§ **Task description**:
Lines from the top of the entries down to the line with "Lemma mderivXDU (R" must be set down exactly as they stand, with both ends retained.

§ **Dataset entries**:
Lemma mcoeffMXU (R : nzRingType) n (p : {mpoly R[n]}) i m :
  (p * 'X_i)@_m = if (0 < m i)%N then p@_(m - U_(i))%MM else 0.
Proof.
case: ifP => [m_i|m_i].
  have -> : m = (U_(i) + (m - U_(i)))%MM by rewrite addmC submK // lep1mP -lt0n.
  by rewrite mcoeffMX addmC addmK.
rewrite [p]mpolyE mulr_suml raddf_sum /= big1 // => m' _.
rewrite -scalerAl mcoeffZ -mpolyXD mcoeffX.
case: eqP => [e|]; last by rewrite mulr0.
by move: m_i; rewrite -e mnmDE mnm1E eqxx addn1.
Qed.

Lemma mderivXU (R : nzRingType) n (i j : 'I_n) :
  ('X_i : {mpoly R[n]})^`M(j) = (i == j)%:R.
Proof.
rewrite mderivX mnm1E; case: eqP => [->|_]; last by rewrite scale0r.
by rewrite -{1}(add0m U_(j)%MM) addmK mpolyX0 scale1r.
Qed.

Lemma mulX_mderivX (R : comNzRingType) n (i : 'I_n) (m : 'X_{1..n}) :
  'X_i * ('X_[m] : {mpoly R[n]})^`M(i) = (m i)%:R *: 'X_[m].
Proof.
rewrite mderivX -scalerAr -mpolyXD; have [->|m_i] := eqVneq (m i) 0%N.
  by rewrite !scale0r.
by rewrite addmC submK // lep1mP.
Qed.

Lemma mderivXDU (R : nzRingType) n (i : 'I_n) (m : 'X_{1..n}) :
  ('X_[m + U_(i)] : {mpoly R[n]})^`M(i) = (m i).+1%:R *: 'X_[m].
Proof. by rewrite mderivX mnmDE mnm1E eqxx addn1 addmK. Qed.

Lemma dhomogXU (R : nzRingType) n (i : 'I_n) : ('X_i : {mpoly R[n]}) \is 1.-homog.
Proof. by rewrite dhomogX /= mdeg1. Qed.

Section ChainRule.
Variables (R : comNzRingType) (n k : nat) (t : k.-tuple {mpoly R[n]}).
Implicit Types p q : {mpoly R[k]}.

Let chain_at p := forall i : 'I_n,
  (p \mPo t)^`M(i) = \sum_(j < k) (p^`M(j) \mPo t) * (t`_j)^`M(i).

Let chain_add p q : chain_at p -> chain_at q -> chain_at (p + q).
Proof.
move=> cp cq i; rewrite comp_mpolyD mderivD cp cq -big_split /=.
by apply: eq_bigr => j _; rewrite mderivD comp_mpolyD mulrDl.
Qed.

Let chain_scale (c : R) p : chain_at p -> chain_at (c *: p).
Proof.
move=> cp i; rewrite comp_mpolyZ mderivZ cp scaler_sumr.
by apply: eq_bigr => j _; rewrite mderivZ comp_mpolyZ scalerAl.
Qed.

Let chain_mul p q : chain_at p -> chain_at q -> chain_at (p * q).
Proof.
move=> cp cq i; rewrite rmorphM mderivM cp cq mulr_suml mulr_sumr -big_split /=.
by apply: eq_bigr => j _; rewrite mderivM rmorphD !rmorphM /=; ring.
Qed.

Let chain_one : chain_at 1.
Proof.
move=> i; rewrite rmorph1 -mpolyC1 mderivC big1 // => j _.
by rewrite mderivC comp_mpolyC mpolyC0 mul0r.
Qed.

§ **Task solution**:
Lemma mcoeffMXU (R : nzRingType) n (p : {mpoly R[n]}) i m :
  (p * 'X_i)@_m = if (0 < m i)%N then p@_(m - U_(i))%MM else 0.
Proof.
case: ifP => [m_i|m_i].
  have -> : m = (U_(i) + (m - U_(i)))%MM by rewrite addmC submK // lep1mP -lt0n.
  by rewrite mcoeffMX addmC addmK.
rewrite [p]mpolyE mulr_suml raddf_sum /= big1 // => m' _.
rewrite -scalerAl mcoeffZ -mpolyXD mcoeffX.
case: eqP => [e|]; last by rewrite mulr0.
by move: m_i; rewrite -e mnmDE mnm1E eqxx addn1.
Qed.

Lemma mderivXU (R : nzRingType) n (i j : 'I_n) :
  ('X_i : {mpoly R[n]})^`M(j) = (i == j)%:R.
Proof.
rewrite mderivX mnm1E; case: eqP => [->|_]; last by rewrite scale0r.
by rewrite -{1}(add0m U_(j)%MM) addmK mpolyX0 scale1r.
Qed.

Lemma mulX_mderivX (R : comNzRingType) n (i : 'I_n) (m : 'X_{1..n}) :
  'X_i * ('X_[m] : {mpoly R[n]})^`M(i) = (m i)%:R *: 'X_[m].
Proof.
rewrite mderivX -scalerAr -mpolyXD; have [->|m_i] := eqVneq (m i) 0%N.
  by rewrite !scale0r.
by rewrite addmC submK // lep1mP.
Qed.

Lemma mderivXDU (R : nzRingType) n (i : 'I_n) (m : 'X_{1..n}) :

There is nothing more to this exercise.